I'm trying to understand the t-test, and don't quite understand the differences I'm seeing between t-statistic and number of standard deviations between means for a Gaussian random variable, if the number of samples is large.
Let's say I have two populations $x_1$ and $x_2$ each with an assumed normal distribution of roughly equal variance, and I obtain $N=100$ samples from each population, where the sample statistics are $\bar{x}_1=10.44, \bar{x}_2=12.01, \sigma_{x1} = 1.33, \sigma_{x2} = 1.49$.
I want to know my confidence level that the population mean of $x_2$ is greater than the population mean of $x_1$.
Applying the t-test gives me
$$ t=\frac{\bar{x}_2-\bar{x}_1}{\sqrt{\frac{\sigma_{x1}{}^2+\sigma_{x2}{}^2}{N}}} = 7.860816 $$
I'm computing a probability of about $10^{-13}$ from using scipy's survival function scipy.stats.t.sf (= 1 - CDF):
>>> import scipy.stats
>>> scipy.stats.t.sf(7.860816, 198)
1.1995112158126528e-13
It looks like $t$ could also be considered a normalized version of $v = x_2 - x_1$ where $\bar{v} = \bar{x}_2 - \bar{x}_1$ and $\sigma_{v} = \sqrt{\sigma_1{}^2+\sigma_2{}^2}$:
$$t = \frac{\bar{v}}{\sigma_{v}\sqrt{N}}$$
namely that $t$ is equivalent to the random variable $v = x_2 - x_1$ normalized by its standard deviation and by the square root of the number of samples, so that I would expect $\sigma_t \approx 1$ if I ran lots of these tests. (This neglects the fact that the sample statistics have variation, which I think is the difference.)

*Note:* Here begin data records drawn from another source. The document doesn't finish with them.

(* Let $f\in V\hat{A}$. Let $s_0\in\mathrm{Sing}(f)$, and let $O=\{f^i(s_0):i\in\mathbb Z\}$ be its orbit. Suppose $s_0$ is the only singularity of $f$ lying in $O$, and write $s_i=f^i(s_0)$. (a) If $O$ is infinite, then $\mathrm{Sing}(f^n)\cap O=\{s_{-n+1},\dots,s_{-1},s_0\}$ for every $n\ge1$. In particular, $f$ has infinite order and $|\mathrm{Sing}(f^n)|\ge n$ for all $n\ge1$. (b) If $O$ is finite of cardinality $m$, then $\mathrm{Sing}(f^n)\cap O=\{s_{-n+1},\dots,s_0\}$ for $1\le n\le m$. In particular, $s_0$ is a singularity of $f^m$ that is fixed by $f^m$.
   Context: Let $\mathfrak C=\{0,1\}^{\mathbb N}$ be the Cantor set, with points labelled by numbers in $[0,1]$ via binary expansion. A dyadic $p\in(0,1)$ corresponds to two points: $p^-$ (binary expansion eventually $1$) and $p^+$ (binary expansion eventually $0$). The Belk–Hyde–Matucci group $V\hat{A}$ is the group of bijections $f$ of $\mathfrak C$ such that: - $f$ (drawn as a map on $[0,1]$) is piecewise linear with slopes powers of $2$ and pieces beginning and ending at points with dyadic coordinates, where breakpoints may accumulate only at finitely many points, called the singularities of $f$; - each singularity has the form $p^\pm$ with $p$ dyadic, and its image has the form $q^\pm$ with the same sign; - on a sufficiently small one-sided neighborhood of a singularity $p^\pm$ with $f(p^\pm)=q^\pm$, $f$ is continuous and satisfies $f\circ L_p=L_q\circ f$, where $L_r(x)=2(x-r)+r$. $\mathrm{Sing}(f)$ denotes the finite set of singularities of $f$. Products are written as $fg=g\circ f$. *)

From Stdlib Require Import Arith List.
Import ListNotations.

(** The Cantor set {0,1}^N : a point is its binary expansion. *)
Definition cantor := nat -> bool.

Definition prepend (w : list bool) (z : cantor) : cantor :=
  fun i => if i <? length w then nth i w false else z (i - length w).

Definition const_seq (c : bool) : cantor := fun _ => c.

Definition agree (n : nat) (x y : cantor) : Prop := forall i, i < n -> y i = x i.

Definition in_cone (w : list bool) (x : cantor) : Prop :=
  forall i, i < length w -> x i = nth i w false.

And the probability of $t<0$ (my hypothesis about the relative values of the population means) should therefore be around the ballpark of scipy.norm.sf(7.860816):
>>> scipy.stats.norm.sf(7.860816)
1.9081952314663672e-15
But this is about a factor of 63 smaller than the probability computed from the t-distribution. Is this really supposed to be that big a difference for large $N$?